Metabolomics comparison of red cells stored in four additive solutions reveals differences in citrate anticoagulant permeability and metabolism.

BACKGROUND AND OBJECTIVES: Metabolomics studies have revealed transition points in metabolic signatures of red cells during storage in SAGM, whose clinical significance is unclear. We set out to investigate whether these transition points occur independent of storage media and define differences in the metabolism of red cells in additive solutions.

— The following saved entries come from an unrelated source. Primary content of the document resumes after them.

Section hellinger.
Context {d : measure_display} {X : measurableType d} {R : realType}.
Local Open Scope ereal_scope.
Implicit Types (mu nu p q a b c : measure X R) (f g F G H : X -> R).

Definition hellinger_dens mu f g : R :=
  Num.sqrt (fine (\int[mu]_x (hellinger_integrand f g x)%:E)).

(* [hellinger] picks one of these values with [xget]; by [hellinger_density]
   they all coincide for finite measures. *)
Definition hellinger_values p q : set R :=
  [set v | exists f g, [/\ is_density (measure_add p q) p f,
     is_density (measure_add p q) q g & v = hellinger_dens (measure_add p q) f g]].

Lemma hellingerE p q : hellinger p q = xget 0%R (hellinger_values p q).
Proof.
rewrite /hellinger; congr xget; apply/seteqP; split=> v.
- by move=> [f [g [[mf mg] [f0 g0] fE gE ->]]]; exists f, g.
- by move=> [f [g [[mf f0 fE] [mg g0 gE] ->]]]; exists f, g.
Qed.

Lemma hellinger_ge0 p q : (0 <= hellinger p q)%R.
Proof.
by rewrite hellingerE; case: xgetP => // v _ [f [g [_ _ ->]]]; exact: sqrtr_ge0.
Qed.

Lemma hellinger_dens_ext mu nu f g : meq mu nu ->
  hellinger_dens mu f g = hellinger_dens nu f g.
Proof.
move=> munu; rewrite /hellinger_dens (eq_measure_integral nu) // => A mA _.
by rewrite munu.
Qed.

Lemma meq_measure_add p q p' q' : meq p p' -> meq q q' ->
  meq (measure_add p q) (measure_add p' q').
Proof.
by move=> pp' qq' A mA; rewrite [LHS]measure_addE [RHS]measure_addE pp' ?qq'.
Qed.

Lemma hellinger_values_ext p q p' q' : meq p p' -> meq q q' ->
  hellinger_values p q `<=` hellinger_values p' q'.
Proof.
move=> pp' qq' v [f [g [df dg ->]]]; have pq := meq_measure_add pp' qq'.
exists f, g; split; [exact: is_density_ext df|exact: is_density_ext dg|].
exact: hellinger_dens_ext.
Qed.

Lemma hellinger_ext p q p' q' : meq p p' -> meq q q' ->
  hellinger p q = hellinger p' q'.
Proof.
move=> pp' qq'; have p'p : meq p' p by move=> A mA; rewrite pp'.
have q'q : meq q' q by move=> A mA; rewrite qq'.
rewrite !hellingerE; congr xget; apply/seteqP; split; exact: hellinger_values_ext.
Qed.

Lemma hellinger_values_sym p q : hellinger_values p q `<=` hellinger_values q p.
Proof.
have pq : meq (measure_add p q) (measure_add q p).
  by move=> A mA; rewrite [LHS]measure_addE [RHS]measure_addE addeC.
move=> v [f [g [df dg ->]]]; exists g, f; split.
- exact: is_density_ext dg.
- exact: is_density_ext df.
- rewrite (hellinger_dens_ext _ _ pq) /hellinger_dens.
  by under eq_integral do rewrite hellinger_integrandC.
Qed.

Lemma hellingerC p q : hellinger p q = hellinger q p.
Proof.
by rewrite !hellingerE; congr xget; apply/seteqP; split; exact: hellinger_values_sym.
Qed.

Lemma integral_hellinger_integrand_le mu a b F G :
  is_density mu a F -> is_density mu b G ->
  \int[mu]_x (hellinger_integrand F G x)%:E <= a setT + b setT.
Proof.
move=> [mF F0 FE] [mG G0 GE]; rewrite FE // GE //.
rewrite -ge0_integralD //; do ?by move=> x _; rewrite lee_fin.
- apply: ge0_le_integral => //.
  + by move=> x _; rewrite lee_fin hellinger_integrand_ge0.
  + exact/measurable_EFinP/measurable_hellinger_integrand.
  + by apply/measurable_EFinP/measurable_funD.
  + by move=> x _; rewrite -EFinD lee_fin hellinger_integrand_le.
- exact/measurable_EFinP.
- exact/measurable_EFinP.
Qed.

Lemma hellinger_le_sqrt p q (x y : R) : p setT = x%:E -> q setT = y%:E ->
  (hellinger p q <= Num.sqrt (x + y))%R.
Proof.
move=> px qy; rewrite hellingerE; case: xgetP => [v _ [f [g [df dg ->]]]|_];
  last exact: sqrtr_ge0.
have x0 : (0 <= x)%R by rewrite -lee_fin -px measure_ge0.
have y0 : (0 <= y)%R by rewrite -lee_fin -qy measure_ge0.
have I0 : 0 <= \int[measure_add p q]_z (hellinger_integrand f g z)%:E.
  by apply: integral_ge0 => z _; rewrite lee_fin hellinger_integrand_ge0.
have Ile := integral_hellinger_integrand_le df dg; rewrite px qy -EFinD in Ile.
rewrite ler_sqrt ?addr_ge0 // -lee_fin fineK //.
by rewrite ge0_fin_numE // (le_lt_trans Ile) ?ltry.
Qed.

MATERIALS AND METHODS: Red cell concentrates were stored in SAGM, AS-1, AS-3 or PAGGSM, and sampled fourteen times spanning Day 1-46. Following quality control, the samples were split into extracellular and intracellular aliquots. These were analysed with ultra-high-performance liquid chromatography coupled to mass spectrometry analysis affording quantitative metabolic profiles of both intra- and extracellular red cell metabolites.
RESULTS: Differences were observed in glycolysis, purine salvage, glutathione synthesis and citrate metabolism on account of the storage solutions. Donor variability however hindered the accurate characterization of metabolic transition time-points. Intracellular citrate concentrations were increased in red cells stored in AS-3 and PAGGSM media. The metabolism of citrate in red cells in SAGM was subsequently confirmed using 13 C citrate isotope labelling and shown to originate from citrate anticoagulant.
CONCLUSION: Metabolic signatures that discriminate between 'fresh' and 'old' stored red cells are dependent upon additive solutions. Specifically, the incorporation and metabolism of citrate in additive solutions with lower chloride ion concentration is altered and impacts glycolysis.